What the task asks: Check each line of the entries below for the word "forall", and copy out the ones that have it.

[Collected data]

Section lyapunov_function.
Context {R : realType} {d} {Y : measurableType d} {I : finType}.
Variables (pi : I -> I -> R) (S : I -> R -> Y -> Y) (J : R.-pker Y ~> Y).
Variables (lam : R) (v : Y -> R) (q b m kappa g : R).
Hypothesis pi_stoch : right_stochastic pi.
Hypothesis lam_gt0 : 0 < lam.
Hypothesis v_ge0 : forall y, 0 <= v y.
Hypothesis mv : measurable_fun setT v.
Hypotheses (q_ge0 : 0 <= q) (b_ge0 : 0 <= b) (m_ge0 : 0 <= m).
Hypotheses (kappa_ge0 : 0 <= kappa) (g_gt0 : 0 < g).
Hypothesis qlam_le : q * lam <= lam - g.
Hypothesis kappa_lt : kappa < lam - g.
Hypothesis drift : forall i t y, 0 <= t ->
  (\int[J (S i t y)]_u (v u)%:E <= (q * v y + b + m * expR (kappa * t))%:E)%E.

Let k1 := lam - g.
Let k2 := lam - g - kappa.
Let D := lam * b / k1 + lam * m / k2.
Let K := D * lam / g.
Let K' := D * k1 / g.

Let k1_gt0 : 0 < k1. Proof. exact: le_lt_trans kappa_ge0 kappa_lt. Qed.
Let k2_gt0 : 0 < k2. Proof. by rewrite /k2 subr_gt0. Qed.
Let D_ge0 : 0 <= D.
Proof.
by rewrite /D addr_ge0// divr_ge0 ?mulr_ge0 ?(ltW lam_gt0) ?(ltW k1_gt0) ?(ltW k2_gt0).
Qed.
Let K'_ge0 : 0 <= K'. Proof. by rewrite /K' divr_ge0 ?mulr_ge0 ?(ltW k1_gt0) ?(ltW g_gt0). Qed.
Let K_ge0 : 0 <= K. Proof. by rewrite /K divr_ge0 ?mulr_ge0 ?(ltW lam_gt0) ?(ltW g_gt0). Qed.
(* [K - K' = D] absorbs the drift constants, and [lam * K' = k1 * K] makes the
   [K]-terms of [U + Pbar W] cancel against those of [W]. *)
Let KBK' : K - K' = D. Proof. by rewrite /K /K' /k1; field; rewrite gt_eqF. Qed.
Let lamK' : lam * K' = k1 * K. Proof. by rewrite /K /K'; field; rewrite gt_eqF. Qed.

Let discount_le1 t0 t : t <= t0 -> expR (- (g * (t0 - t))) <= 1.
Proof. by move=> tt0; rewrite expR_le1 oppr_le0 mulr_ge0 ?subr_ge0 ?(ltW g_gt0). Qed.

Let K_subK'_ge0 B : 0 <= B <= 1 -> 0 <= K - K' * B.
Proof.
case/andP=> B0 B1; rewrite subr_ge0 (le_trans (ler_piMr K'_ge0 B1))//.
by rewrite -subr_ge0 KBK'.
Qed.

Let W t0 (z : Y * I * R) : \bar R :=
  (if z.2 <= t0 then expR (- (g * (t0 - z.2))) * (v z.1.1 - K') + K else 0)%:E.

Let W_ge0 t0 z : (0 <= W t0 z)%E.
Proof.
rewrite /W lee_fin; case: ifP => // /discount_le1 E1.
rewrite (_ : _ + K = expR (- (g * (t0 - z.2))) * v z.1.1
                     + (K - K' * expR (- (g * (t0 - z.2))))); last by ring.
by rewrite addr_ge0 ?mulr_ge0 ?expR_ge0// K_subK'_ge0// expR_ge0.
Qed.

Let integral_W (t0 : R) (j : I) (t' : R) (y' : Y) : t' <= t0 ->
  (\int[J y']_u W t0 (u, j, t') =
   (expR (- (g * (t0 - t'))))%:E * \int[J y']_u (v u)%:E
   + (K - K' * expR (- (g * (t0 - t'))))%:E)%E.
Proof.
move=> tt0; rewrite -integral_affine_prob ?prob_kernel ?expR_ge0//; last first.
  by rewrite K_subK'_ge0// expR_ge0 discount_le1.
by apply: eq_integral => u _; rewrite /W /= tt0; congr EFin; ring.
Qed.

Let integrand_le (t0 : R) (i j : I) (y : Y) (s t : R) : 0 <= t -> t + s <= t0 ->
  ((lam * expR (- (lam * t)))%:E * \int[J (S i t y)]_u W t0 (u, j, (t + s)%R)
   + (K * expR (- (g * (t0 - s))) * exponential_pdf k1 t)%:E <=
  (expR (- (g * (t0 - s))) * (q * v y + b) * (lam / k1) * exponential_pdf k1 t
   + expR (- (g * (t0 - s))) * (lam * m / k2) * exponential_pdf k2 t
   + K * exponential_pdf lam t)%:E)%E.
Proof.
move=> t0' tst0; rewrite integral_W//.
set A := expR (- (g * (t0 - s))); set B := expR (- (g * (t0 - (t + s)))).
have BA : B = A * expR (g * t) by rewrite -expRD; congr expR; ring.
apply: (@le_trans _ _ ((lam * expR (- (lam * t)) *
    (B * (q * v y + b + m * expR (kappa * t)) + (K - K' * B))
    + K * A * exponential_pdf k1 t)%:E)).
  rewrite [leRHS]EFinD leeD2r// [leRHS]EFinM.
  rewrite lee_wpmul2l ?lee_fin ?mulr_ge0 ?expR_ge0 ?(ltW lam_gt0)//.
  by rewrite [leRHS]EFinD leeD2r// [leRHS]EFinM lee_wpmul2l ?lee_fin ?expR_ge0// drift.
rewrite lee_fin !exponential_pdf_expR// le_eqVlt; apply/predU1P; left.
have ek1 : expR (- (k1 * t)) = expR (- (lam * t)) * expR (g * t).
  by rewrite -expRD /k1; congr expR; ring.
have ek2 : expR (- (k2 * t)) = expR (- (lam * t)) * expR (g * t) * expR (kappa * t).
  by rewrite -!expRD /k2; congr expR; ring.
have K'E : K' = k1 * K / lam by rewrite -lamK'; field; rewrite gt_eqF.
rewrite ek1 ek2 BA K'E; field.
by rewrite !gt_eqF.
Qed.

Let PW_bound r P := expR (- (g * r)) * (q * P + b) * (lam / k1) * (1 - expR (- (k1 * r)))
  + expR (- (g * r)) * (lam * m / k2) * (1 - expR (- (k2 * r)))
  + K * (1 - expR (- (lam * r))) - K * expR (- (g * r)) * (1 - expR (- (k1 * r))).

Let time_integral_le (t0 : R) (i j : I) (y : Y) (s : R) : s <= t0 ->
  (\int[lebesgue_measure]_(t in `[0%R, +oo[)
     ((lam * expR (- (lam * t)))%:E * \int[J (S i t y)]_u W t0 (u, j, (t + s)%R))
   <= (PW_bound (t0 - s) (v y))%:E)%E.
Proof.
move=> st0; have r0 : 0 <= t0 - s by rewrite subr_ge0.
set A := expR (- (g * (t0 - s))).
have F0 t :
    (0 <= (lam * expR (- (lam * t)))%:E * \int[J (S i t y)]_u W t0 (u, j, (t + s)%R))%E.
  by rewrite mule_ge0 ?integral_ge0 ?lee_fin ?mulr_ge0 ?expR_ge0 ?(ltW lam_gt0).
rewrite (@integral_support_subset _ _ _ lebesgue_measure _ `[0%R, t0 - s]); first last.
- move=> t; rewrite /= !in_itv/= andbT => t0' /negP; rewrite t0' /= -ltNge => tr.
  rewrite integral0_eq ?mule0// => u _; rewrite /W /= ifF//.
  by apply/negbTE; rewrite -ltNge -ltrBlDr.
- by move=> t /=; rewrite !in_itv/= => /andP[->].
have KA_ge0 : 0 <= K * A by rewrite mulr_ge0 ?expR_ge0.
have c1_ge0 : 0 <= A * (q * v y + b) * (lam / k1).
  by rewrite !mulr_ge0 ?expR_ge0 ?addr_ge0 ?mulr_ge0 ?invr_ge0 ?(ltW lam_gt0) ?(ltW k1_gt0).
have c2_ge0 : 0 <= A * (lam * m / k2).
  by rewrite !mulr_ge0 ?expR_ge0 ?invr_ge0 ?(ltW lam_gt0) ?(ltW k2_gt0).
(* The negative part [- K' * B] of the integrand is moved to the left as a
   multiple of an exponential density, so that all integrands are nonnegative. *)
rewrite /PW_bound -/A EFinB leeBrDr//.
rewrite -(integral_exponential_pdfZ_itv0c r0 (ltW k1_gt0) KA_ge0).
apply: le_trans (ge0_integral_superadd _ _ _) _ => [t _ //|t _|].
  by rewrite lee_fin mulr_ge0 ?exponential_pdf_ge0 ?(ltW k1_gt0).
rewrite -(integral_exponential_mix_itv0c r0 (ltW k1_gt0) (ltW k2_gt0) (ltW lam_gt0)
  c1_ge0 c2_ge0 K_ge0).
apply: ge0_integral_mono => [t _|t].
  by apply: adde_ge0; rewrite ?F0 // lee_fin mulr_ge0 ?exponential_pdf_ge0 ?(ltW k1_gt0).
by rewrite /= in_itv/= => /andP[t0' tr]; apply: integrand_le; rewrite // -lerBrDr.
Qed.

Let Pbar_W_le t0 y i s : s <= t0 ->
  (Pbar pi S J lam (W t0) (y, i, s) <= (PW_bound (t0 - s) (v y))%:E)%E.
Proof.
move=> st0; have [pi_ge0 pi1] := pi_stoch.
apply: (@le_trans _ _ (\sum_(j : I) (pi i j)%:E * (PW_bound (t0 - s) (v y))%:E)%E).
  by apply: lee_sum => j _; rewrite lee_wpmul2l ?lee_fin// time_integral_le.
by under eq_bigr do rewrite -EFinM; rewrite sumEFin -mulr_suml pi1 mul1r.
Qed.

Let Pbar_W_eq0 t0 z : t0 < z.2 -> Pbar pi S J lam (W t0) z = 0%E.
Proof.
move: z => [[y i] s] /= t0s; apply: big1 => j _.
rewrite integral0_eq ?mule0// => t; rewrite /= in_itv/= andbT => t_ge0.
rewrite integral0_eq ?mule0// => u _; rewrite /W /= ifF//.
by apply/negbTE; rewrite -ltNge; apply: lt_le_trans t0s _; rewrite lerDr.
Qed.
(* The call solve(i) never touches x_(i+1), ..., x_n, and it returns a mapping
   that satisfies x_j >= f_j for all j <= i as soon as [a box b = a] forces
   [b <= a]; both operators have this property.  SRR can only diverge if some
   solve(i+1) keeps re-invoking itself, which produces an infinite sequence
   a_(t+1) = a_t box b_t <> a_t of values of x_(i+1).  For an upper bound
   operator this is a strictly increasing chain, impossible in finite height;
   moreover x_(j+1) then changes at most h times, and each change costs at
   most j+1 further evaluations.  For boxdot, once one narrowing step has been
   taken every later round starts from a post solution of x_1, ..., x_(i+1),
   so by monotonicity all later steps are narrowing steps; hence the sequence
   is either an infinite widening or eventually an infinite narrowing
   sequence. *)

Section Solve.
Context {disp : Order.disp_t} {D : porderType disp} {n : nat}.
Implicit Types (rho : 'I_n -> D) (f : 'I_n -> ('I_n -> D) -> D) (box : D -> D -> D).

Definition post_below f (m : nat) rho := forall j : 'I_n, (j < m)%N -> f j rho <= rho j.

Definition box_stable_le box := forall a b : D, box a b = a -> b <= a.

Lemma post_below_le f m m' rho :
  (m' <= m)%N -> post_below f m rho -> post_below f m' rho.
Proof. by move=> le_m'm post j lt_jm'; apply: post; apply: leq_trans le_m'm. Qed.

Lemma post_below_upd f (i : 'I_n) rho v : (forall j, monotonic (f j)) ->
  post_below f i rho -> f i rho <= v -> v <= rho i ->
  post_below f i.+1 (upd rho i v).
Proof.
move=> mono post le_fv le_v j.
have le_upd k : upd rho i v k <= rho k by rewrite /upd; case: eqP => [->|].
rewrite ltnS => le_ji; apply: le_trans (mono _ _ _ le_upd) _.
case: (eqVneq j i) => [->|ne_ji]; first by rewrite /upd eqxx.
by rewrite /upd (negbTE ne_ji); apply: post; rewrite ltn_neqAle le_ji andbT.
Qed.

Lemma solve_rel_frame box f m rho rho' k : solve_rel box f m rho rho' k ->
  forall j : 'I_n, (m <= j)%N -> rho' j = rho j.
Proof.
elim=> {m rho rho' k} [//|i rho rho1 k1 _ IH _|i rho rho1 rho2 k1 k2 _ IH1 _ _ IH2] j le_ij.
- exact/IH/ltnW.
- rewrite IH2 // /upd; case: eqP => [eq_ji|_]; first by rewrite eq_ji ltnn in le_ij.
  exact/IH1/ltnW.
Qed.

Lemma solve_rel_post_below box f m rho rho' k : box_stable_le box ->
  solve_rel box f m rho rho' k -> post_below f m rho'.
Proof.
move=> stable; elim=> {m rho rho' k} [//|i rho rho1 k1 _ IH fixed|//] j.
rewrite ltnS leq_eqVlt => /orP[/eqP/val_inj->|]; [exact: stable fixed | exact: IH].
Qed.

Lemma solve_rel_post_solution box f rho rho' k : box_stable_le box ->
  solve_rel box f n rho rho' k -> post_solution f rho'.
Proof. by move=> stable solve j; apply: (solve_rel_post_below stable solve). Qed.

Lemma join_stable_le join : upper_bound_op join -> box_stable_le join.
Proof. by move=> ub a b eq_ja; rewrite -eq_ja; case: (ub a b). Qed.

Lemma boxdot_stable_le w nr : is_widening w -> box_stable_le (boxdot w nr).
Proof.
move=> [ub _] a b; rewrite /boxdot; case: ifP => // nle eq_wa.
by rewrite -nle -eq_wa; case: (ub a b).
Qed.
(* Let $\mathcal G=(\mathcal V,\mathcal E,W)$ be a network with $n=|\mathcal V|$ nodes and out-degree vector $w$, let $h^-\le h^+$ in $\mathbb R^{\mathcal V}$ and $\mathcal H=\prod_i[h_i^-,h_i^+]$, and assume $\mathcal G$ is $\mathcal H$-robustly indecomposable. Then: (i) for every configuration $x\in\mathcal X$ there exists an $\mathcal H$-robust I-path of length at most $n$ from $x$ to some configuration in $\{\pm\mathbf 1\}$; in particular $\{\pm\mathbf 1\}$ is globally I-reachable for the coordination game with every external field $h\in\mathcal H$; (ii) if $w\ge h^+$ and $w\ge -h^-$ (i.e., the game is $\mathcal H$-robustly regular), then for every $h\in\mathcal H$ the set of equilibria is $\mathcal X^*_h=\{\pm\mathbf 1\}$ and it is globally I-stable; (iii) if for some $a\in\{\pm1\}$ one has $w\ge -a\,h^{-a}$ and $w\ngeq a\,h^{-a}$, then from every configuration $x\in\mathcal X$ there exists an $\mathcal H$-robust I-path to $a\mathbf 1$, and for every $h\in\mathcal H$ the set of equilibria is $\mathcal X^*_h=\{a\mathbf 1\}$ and it is globally BR-stable.
   Context: A network is $\mathcal G=(\mathcal V,\mathcal E,W)$ with finite node set $\mathcal V$, links $\mathcal E\subseteq\mathcal V\times\mathcal V$, weight matrix $W\in\mathbb R_+^{\mathcal V\times\mathcal V}$ with zero diagonal, $W_{ij}>0$ iff $(i,j)\in\mathcal E$; for $\mathcal S\subseteq\mathcal V$, $w_i^{\mathcal S}=\sum_{j\in\mathcal S}W_{ij}$; $w=W\mathbf 1$. $\mathcal X=\{-1,+1\}^{\mathcal V}$. Componentwise order; $x\ngeq y$ means $x_i<y_i$ for some $i$. For $a=+1$ (resp. $-1$), $h^{-a}$ denotes $h^-$ (resp. $h^+$). $h$-indecomposable: for every partition $\mathcal V=\mathcal V^+\cup\mathcal V^-$ into two disjoint nonempty sets there exist $s\in\{-,+\}$ and $i\in\mathcal V^s$ with $w_i^{\mathcal V^s}+s\,h_i<w_i^{\mathcal V^{-s}}$ ($s\,h_i$ is $\pm h_i$ according to $s$, $-s$ is the opposite sign). $\mathcal G$ is $\mathcal H$-robustly indecomposable if it is $h$-indecomposable for every $h\in\mathcal H$. Coordination game with external field $h$: players $\mathcal V$, actions $\{\pm1\}$, utilities $u_i(x)=x_i(\sum_jW_{ij}x_j+h_i)$; equilibria $x^*$ with $x_i^*$ maximizing $u_i(\cdot,x^*_{-i})$, set $\mathcal X^*_h$. An admissible path of length $l\ge0$ is a sequence $x^{(0)},\dots,x^{(l)}$ with consecutive configurations differing exactly in the action of one player $i_k$; for a given $h$ it is an I-path if $u_{i_k}(x^{(k)})>u_{i_k}(x^{(k-1)})$ for all $k$, a BR-path if $\ge$ holds instead. An $\mathcal H$-robust I-path is an admissible path that is an I-path for the game with external field $h$ for every $h\in\mathcal H$. For $\alpha\in\{\mathrm I,\mathrm{BR}\}$, $\mathcal Y\subseteq\mathcal X$ is globally $\alpha$-reachable if from every $x$ there is an $\alpha$-path to some element of $\mathcal Y$, and globally $\alpha$-stable if in addition there is no $\alpha$-path from any $y\in\mathcal Y$ to any $z\notin\mathcal Y$. *)

From mathcomp Require Import all_boot all_order all_algebra.
Set Implicit Arguments. Unset Strict Implicit. Unset Printing Implicit Defensive.
Import Order.TTheory GRing.Theory Num.Theory.
Local Open Scope ring_scope.
Lemma mkArr_cmp (C : Cat) (x y z x' y' z' : C) (a : Hom x' y') (b : Hom x y)
    (c : Hom y' z') (d : Hom y z) :
  mkArr a = mkArr b -> mkArr c = mkArr d -> mkArr (cmp c a) = mkArr (cmp d b).
Proof.
  intros E1 E2.
  assert (Ex : x' = x) by exact (f_equal (fun s : Arr C => fst (projT1 s)) E1).
  assert (Ey : y' = y) by exact (f_equal (fun s : Arr C => snd (projT1 s)) E1).
  assert (Ez : z' = z) by exact (f_equal (fun s : Arr C => snd (projT1 s)) E2).
  subst x' y' z'.
  apply inj_pair2 in E1. apply inj_pair2 in E2. subst a c. reflexivity.
Qed.

Section Fix.
Variables (G : Group) (C : GCat G) (H : G -> Prop).

Definition fixob := {x : Ob C | forall h, H h -> act C h x = x}.
Definition fixhom (x y : fixob) :=
  {m : Hom (proj1_sig x) (proj1_sig y) |
     forall h, H h -> arr (act C h) (mkArr m) = mkArr m}.

Definition fixid (x : fixob) : fixhom x x.
Proof.
  exists (idm (proj1_sig x)). intros h Hh.
  unfold arr; simpl. rewrite fm_id.
  destruct x as [x px]; simpl. rewrite (px h Hh). reflexivity.
Defined.

Definition fixcmp (x y z : fixob) (m2 : fixhom y z) (m1 : fixhom x y) : fixhom x z.
Proof.
  exists (cmp (proj1_sig m2) (proj1_sig m1)). intros h Hh.
  unfold arr; simpl. rewrite fm_cmp.
  apply mkArr_cmp.
  - exact (proj2_sig m1 h Hh).
  - exact (proj2_sig m2 h Hh).
Defined.
Lemma b_inv_iter_small k t : 0 <= t <= 1 -> 0 <= Nat.iter k b_inv t <= / (INR k + 1).
Proof.
  intros Ht; induction k as [|k IH]; [simpl; rewrite Rplus_0_l, Rinv_1; lra|].
  simpl Nat.iter; rewrite S_INR; pose proof (pos_INR k).
  assert (/ (INR k + 1) <= 1) by (rewrite <- Rinv_1; apply Rinv_le_contravar; lra).
  pose proof (b_inv_mono_lip 0 (Nat.iter k b_inv t) ltac:(lra)) as Hmono.
  pose proof (b_inv_contract_first 0 (Nat.iter k b_inv t) (INR k + 1)) as Hcontract.
  rewrite b_inv_zero, !Rminus_0_r in Hmono, Hcontract; split; [lra|]; apply Hcontract; lra.
Qed.

Lemma b_inv_neg_nonneg t : 0 <= t -> b_inv_neg t = t.
Proof. intros; unfold b_inv_neg, a_inv, a_gen; rewrite b_inv_ge2; lra. Qed.

Lemma b_inv_neg_shift t : b_inv_neg t = b_inv (t + 2) - 1.
Proof. unfold b_inv_neg, a_inv, a_gen; do 2 f_equal; ring. Qed.

Lemma b_inv_neg_iter_ge_m1 n t : - (INR n + 1) <= t <= 0 -> -1 <= Nat.iter n b_inv_neg t <= 0.
Proof.
  revert t; induction n as [|n IH]; intros t Ht; [simpl in *; lra|].
  rewrite Nat.iter_succ_r; apply IH; rewrite S_INR in Ht; pose proof (pos_INR n).
  rewrite b_inv_neg_shift.
  destruct (Rle_dec (t + 2) 0); [rewrite b_inv_nonpos; lra|].
  pose proof (b_inv_mono_lip 0 (t + 2) ltac:(lra)) as Hmono0.
  pose proof (b_inv_mono_lip (t + 2) 2 ltac:(lra)) as Hmono2.
  rewrite b_inv_zero in Hmono0; rewrite b_inv_two in Hmono2; lra.
Qed.

Lemma b_inv_neg_iter_small k t : -1 <= t <= 0 ->
  - / (INR k + 1) <= Nat.iter k b_inv_neg t <= 0.
Proof.
  intros Ht; induction k as [|k IH]; [simpl; rewrite Rplus_0_l, Rinv_1; lra|].
  simpl Nat.iter; rewrite S_INR, b_inv_neg_shift; pose proof (pos_INR k).
  assert (/ (INR k + 1) <= 1) by (rewrite <- Rinv_1; apply Rinv_le_contravar; lra).
  pose proof (b_inv_mono_lip (Nat.iter k b_inv_neg t + 2) 2 ltac:(lra)) as Hmono.
  pose proof (b_inv_contract_second (Nat.iter k b_inv_neg t + 2) 2 (INR k + 1)) as Hcontract.
  rewrite b_inv_two in Hmono, Hcontract.
  split; [|lra].
  enough (1 - b_inv (Nat.iter k b_inv_neg t + 2) <= / (INR k + 1 + 1)) by lra.
  apply Hcontract; lra.
Qed.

Exercise response:
Hypothesis v_ge0 : forall y, 0 <= v y.
Hypothesis drift : forall i t y, 0 <= t ->
Definition post_below f (m : nat) rho := forall j : 'I_n, (j < m)%N -> f j rho <= rho j.
Definition box_stable_le box := forall a b : D, box a b = a -> b <= a.
Lemma post_below_upd f (i : 'I_n) rho v : (forall j, monotonic (f j)) ->
  forall j : 'I_n, (m <= j)%N -> rho' j = rho j.
Definition fixob := {x : Ob C | forall h, H h -> act C h x = x}.
     forall h, H h -> arr (act C h) (mkArr m) = mkArr m}.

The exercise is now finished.